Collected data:
Lemma tough_clique_setD1 u : u \in K -> (#|nbrI u| < #|~: K|)%N ->
  t * (1 + #|~: K|%:R - #|nbrI u|%:R) <= #|K|%:R - 1.
Proof.
move=> uK nbr_lt.
have card_U : (#|unreached [set u]| + #|nbrI u| = #|~: K|)%N.
  by have := card_unreached2 u u; rewrite setUid setIid; lia.
have u_neq0 : [set u] != set0 by apply/set0Pn; exists u; rewrite inE.
have := @tough_clique_setD [set u] (1 + #|unreached [set u]|).
rewrite sub1set uK u_neq0 leqnn andbT add1n ltnS.
have U_pos : (0 < #|unreached [set u]|)%N by lia.
move=> /(_ isT U_pos).
have -> : #|unreached [set u]|.+1%:R = 1 + #|~: K|%:R - #|nbrI u|%:R :> rat.
  by rewrite -card_U natrD -natr1; ring.
by rewrite [in X in _ <= X - 1](cardsD1 u K) uK add1n -natr1 addrK.
Qed.

Lemma card_nbrK_ge2 y : 1 / 2 < t -> y \notin K -> (2 <= #|nbrK y|)%N.
Proof.
move=> t_gt yK; have := card_nbrK_ge yK => ge2t.
have : (1 : rat) < #|nbrK y|%:R by lra.
by rewrite (ltr_nat _ 1).
Qed.

Lemma degree_bound u w : 1 / 2 < t -> u \in K -> w \in K -> u != w ->
  {in K, forall z, #|nbrI z| <= #|nbrI u|}%N ->
  {in K :\ u, forall z, #|nbrI z| <= #|nbrI w|}%N -> (0 < #|~: K|)%N ->
  t * (2 + #|unreached [set u; w]|%:R) <= #|K|%:R - 2 + #|nbrI u :&: nbrI w|%:R.
Proof.
move=> t_gt uK wK uw u_max w_max I_gt0.
have [y0 y0K] : exists y0, y0 \in ~: K by apply/set0Pn; rewrite -card_gt0.
rewrite inE in y0K.
set D := (\sum_(y in ~: K) #|nbrK y|)%N.
have D_le : D%:R <= #|nbrI u|%:R + (#|K|%:R - 1) * #|nbrI w|%:R :> rat.
  have : (D <= #|nbrI u| + #|K :\ u| * #|nbrI w|)%N.
    rewrite /D sum_card_nbrK (big_setD1 u uK) leq_add2l -sum_nat_const.
    exact: leq_sum w_max.
  by rewrite -(ler_nat rat) natrD natrM [#|K|](cardsD1 u K) uK add1n -natr1 addrK.
have D_ge2 : (#|~: K| * 2 <= D)%N.
  by rewrite -sum_nat_const /D; apply: leq_sum => y; rewrite inE => /(card_nbrK_ge2 t_gt).
have D_ge2t : #|~: K|%:R * (2 * t) <= D%:R.
  rewrite mulr_natl -sumr_const /D natr_sum; apply: ler_sum => y.
  by rewrite inE => /card_nbrK_ge.
apply: (@degree_arith #|K| #|~: K| #|nbrI u| #|nbrI w| _ _ t) => //.
- exact: card_unreached2.
- by rewrite subset_leq_card ?subsetIr ?u_max.
- exact/subset_leq_card/nbrI_sub.
- by have := card_nbrK_ge y0K; have := card_nbrK_lt y0K; rewrite -(ler_nat rat) -natr1; lra.
- by apply: le_trans D_le; rewrite -natrM ler_nat.
- by apply: le_trans D_le.
- exact: tough_clique_setD1.
- exact: tough_clique_setD1.
- exact: tough_clique_cut.
Qed.

Lemma tough_del_edge u w : 1 / 2 < t -> u \in K -> w \in K -> u != w ->
  {in K, forall z, #|nbrI z| <= #|nbrI u|}%N ->
  {in K :\ u, forall z, #|nbrI z| <= #|nbrI w|}%N -> (0 < #|~: K|)%N ->
  tough (del_edge e u w) t.
Proof.
move=> t_gt uK wK uw u_max w_max I_gt0; have t_gt0 : 0 < t by lra.
split=> // S S_cut; rewrite ler_pdivlMr // mulrC.
have by_tough : ncomp (del_edge e u w) S = ncomp e S ->
    t * (ncomp (del_edge e u w) S)%:R <= #|S|%:R.
  by move=> eqS; apply: tough_ncomp e_tough _; rewrite -eqS S_cut leqnn.
have [uwS | ] := boolP ((u \in S) || (w \in S)).
  exact/by_tough/ncomp_del_edge_endpoint.
rewrite negb_or => /andP[uS wS].
have [/existsP[z /and3P[zS euz ezw]] | no_common] :=
  boolP [exists z, [&& z \notin S, e u z & e z w]].
  exact/by_tough/(ncomp_del_edge_common e_sym e_irr zS euz ezw).
have {}no_common z : z \notin S -> ~~ (e u z && e z w).
  by move=> zS; apply: contra no_common => uzw; apply/existsP; exists z; rewrite zS.
apply: le_trans (_ : t * (2 + #|unreached [set u; w] :\: S|)%:R <= _).
  by rewrite (ler_pM2l t_gt0) ler_nat ncomp_del_edge_sep ?clique_setD_sub.
apply: le_trans (_ : t * (2 + #|unreached [set u; w]|%:R) <= _).
  by rewrite natrD (ler_pM2l t_gt0) lerD2l ler_nat subset_leq_card ?subsetDl.
apply: le_trans (degree_bound t_gt uK wK uw u_max w_max I_gt0) _.
by have := card_sep_cut uK wK no_common uw; rewrite -(ler_nat rat) !natrD; lra.
Qed.

Lemma exists_tough_del_edge : 1 / 2 < t -> (0 < #|~: K|)%N ->
  exists u w, [/\ u \in K, w \in K, u != w & tough (del_edge e u w) t].
Proof.
move=> t_gt I_gt0; have /set0Pn[y0] : ~: K != set0 by rewrite -card_gt0.
rewrite inE => y0K; have N2 := card_nbrK_ge2 t_gt y0K; have K_gt := card_nbrK_lt y0K.
have /set0Pn[z0 z0K] : K != set0 by rewrite -card_gt0; lia.
case: (@arg_maxnP _ z0 (fun z => z \in K) (fun z => #|nbrI z|) z0K) => u /= uK u_max.
have /set0Pn[z1 z1K] : K :\ u != set0.
  by rewrite -card_gt0; move: K_gt; rewrite (cardsD1 u K) uK; lia.
case: (@arg_maxnP _ z1 (fun z => z \in K :\ u) (fun z => #|nbrI z|) z1K) => w /= wKu w_max.
have [wu wK] : w != u /\ w \in K by apply/andP; rewrite -in_setD1.
have uw : u != w by rewrite eq_sym.
by exists u, w; split => //; apply: tough_del_edge.
Qed.

End Tough.

End SplitGraph.

Lemma split_graph_maximal (V : finType) (e : rel V) : symmetric e -> split_graph e ->
  exists K : {set V}, [/\ forall x y, x \in K -> y \in K -> x != y -> e x y,
    forall x y, x \notin K -> y \notin K -> ~~ e x y &
    forall y, y \notin K -> exists2 z, z \in K & ~~ e y z].
Proof.
move=> e_sym [K [K_clique I_indep]].
case: (pickP (fun y => (y \notin K) && [forall z in K, e y z])) => [y | no_full].
  case/andP=> yK /forall_inP y_full.
  exists (y |: K); split.
  - move=> x x'; rewrite !in_setU1 => /predU1P[-> | xK] /predU1P[-> | x'K].
    + by rewrite eqxx.
    + by move=> _; apply: y_full.
    + by move=> _; rewrite e_sym; apply: y_full.
    + exact: K_clique.
  - by move=> x x'; rewrite !in_setU1 !negb_or => /andP[_ xK] /andP[_ x'K]; apply: I_indep.
  - move=> x; rewrite in_setU1 negb_or => /andP[xy xK]; exists y; first exact: setU11.
    by rewrite I_indep.
exists K; split=> // y yK; move: (no_full y); rewrite yK /= => /negbT/forall_inPn[z zK yz].
by exists z.
Qed.

Theorem mainTheorem5 (V : finType) (e : rel V) (t : rat) :
  symmetric e -> irreflexive e -> split_graph e -> 1 / 2 < t ->
  ~ minimally_tough e t.
Proof.
move=> e_sym e_irr /(split_graph_maximal e_sym)[K [K_clique I_indep K_max]] t_gt.
case=> [[e_tough tau_t] min_t].
have [I0 | I_gt0] := posnP #|~: K|.
  have allK x : x \in K by apply: contraT => xK; move: I0; rewrite (cardsD1 x) inE xK.
  apply: (tau_t (t + 1)); first lra.
  by apply: complete_tough => // [x y|]; [exact: K_clique (allK x) (allK y) | lra].
have [u [w [uK wK uw tough_uw]]] :=
  exists_tough_del_edge e_sym e_irr K_clique I_indep K_max e_tough t_gt I_gt0.
exact: min_t u w (K_clique _ _ uK wK uw) t (lexx t) tough_uw.
Qed.
(* Let $X=\{x_1,\ldots,x_n\}$, $S=K[x_1,\ldots,x_n]$ over a field $K$, and let $F_1,\ldots,F_s\subset X$ be pairwise disjoint with $|F_i|=k>1$ for all $i$. Let $f_1,\ldots,f_{k^s}$ be the minimal monomial generators of $P_{F_1}\cdots P_{F_s}$, ordered (decreasingly) with respect to the lexicographic order with $x_1>x_2>\cdots>x_n$. For $i=2,\ldots,k^s$ let $n_i$ be the minimal number of homogeneous generators of $(f_1,\ldots,f_{i-1}):(f_i)$. Then $$\max\{n_i:i=2,\ldots,k^s\}=n_{k^s}=(k-1)s.$$ Moreover, for all $i$, the colon ideal $(f_1,\ldots,f_{i-1}):(f_i)$ is generated by linear forms.
   Context: For $F\subseteq X$, $P_F=(x_i:x_i\in F)\subset S$. *)

From HB Require Import structures.
From mathcomp Require Import all_boot all_order all_algebra.
From mathcomp.multinomials Require Import mpoly.
Set Implicit Arguments. Unset Strict Implicit. Unset Printing Implicit Defensive.
Import GRing.Theory.
Local Open Scope ring_scope.

Section Ideals.
Variables (K : fieldType) (n : nat).
Local Notation S := {mpoly K[n]}.

Definition in_ideal (gs : seq S) (p : S) : Prop :=
  exists cs : seq S, size cs = size gs /\
    p = \sum_(j < size gs) cs`_j * gs`_j.

Definition gen_ideal (G : S -> Prop) (p : S) : Prop :=
  exists gs : seq S, (forall g, g \in gs -> G g) /\ in_ideal gs p.

Definition generates (gs : seq S) (I : S -> Prop) : Prop :=
  forall p, I p <-> in_ideal gs p.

▶ **Problem description**: Please copy the lines in the records above between the one holding "Lemma split_graph_maximal (V" and the one holding "Context: For $F\subseteq", inclusive, exactly and with no other line.

▶ **Your response**:
Lemma split_graph_maximal (V : finType) (e : rel V) : symmetric e -> split_graph e ->
  exists K : {set V}, [/\ forall x y, x \in K -> y \in K -> x != y -> e x y,
    forall x y, x \notin K -> y \notin K -> ~~ e x y &
    forall y, y \notin K -> exists2 z, z \in K & ~~ e y z].
Proof.
move=> e_sym [K [K_clique I_indep]].
case: (pickP (fun y => (y \notin K) && [forall z in K, e y z])) => [y | no_full].
  case/andP=> yK /forall_inP y_full.
  exists (y |: K); split.
  - move=> x x'; rewrite !in_setU1 => /predU1P[-> | xK] /predU1P[-> | x'K].
    + by rewrite eqxx.
    + by move=> _; apply: y_full.
    + by move=> _; rewrite e_sym; apply: y_full.
    + exact: K_clique.
  - by move=> x x'; rewrite !in_setU1 !negb_or => /andP[_ xK] /andP[_ x'K]; apply: I_indep.
  - move=> x; rewrite in_setU1 negb_or => /andP[xy xK]; exists y; first exact: setU11.
    by rewrite I_indep.
exists K; split=> // y yK; move: (no_full y); rewrite yK /= => /negbT/forall_inPn[z zK yz].
by exists z.
Qed.

Theorem mainTheorem5 (V : finType) (e : rel V) (t : rat) :
  symmetric e -> irreflexive e -> split_graph e -> 1 / 2 < t ->
  ~ minimally_tough e t.
Proof.
move=> e_sym e_irr /(split_graph_maximal e_sym)[K [K_clique I_indep K_max]] t_gt.
case=> [[e_tough tau_t] min_t].
have [I0 | I_gt0] := posnP #|~: K|.
  have allK x : x \in K by apply: contraT => xK; move: I0; rewrite (cardsD1 x) inE xK.
  apply: (tau_t (t + 1)); first lra.
  by apply: complete_tough => // [x y|]; [exact: K_clique (allK x) (allK y) | lra].
have [u [w [uK wK uw tough_uw]]] :=
  exists_tough_del_edge e_sym e_irr K_clique I_indep K_max e_tough t_gt I_gt0.
exact: min_t u w (K_clique _ _ uK wK uw) t (lexx t) tough_uw.
Qed.
(* Let $X=\{x_1,\ldots,x_n\}$, $S=K[x_1,\ldots,x_n]$ over a field $K$, and let $F_1,\ldots,F_s\subset X$ be pairwise disjoint with $|F_i|=k>1$ for all $i$. Let $f_1,\ldots,f_{k^s}$ be the minimal monomial generators of $P_{F_1}\cdots P_{F_s}$, ordered (decreasingly) with respect to the lexicographic order with $x_1>x_2>\cdots>x_n$. For $i=2,\ldots,k^s$ let $n_i$ be the minimal number of homogeneous generators of $(f_1,\ldots,f_{i-1}):(f_i)$. Then $$\max\{n_i:i=2,\ldots,k^s\}=n_{k^s}=(k-1)s.$$ Moreover, for all $i$, the colon ideal $(f_1,\ldots,f_{i-1}):(f_i)$ is generated by linear forms.
   Context: For $F\subseteq X$, $P_F=(x_i:x_i\in F)\subset S$. *)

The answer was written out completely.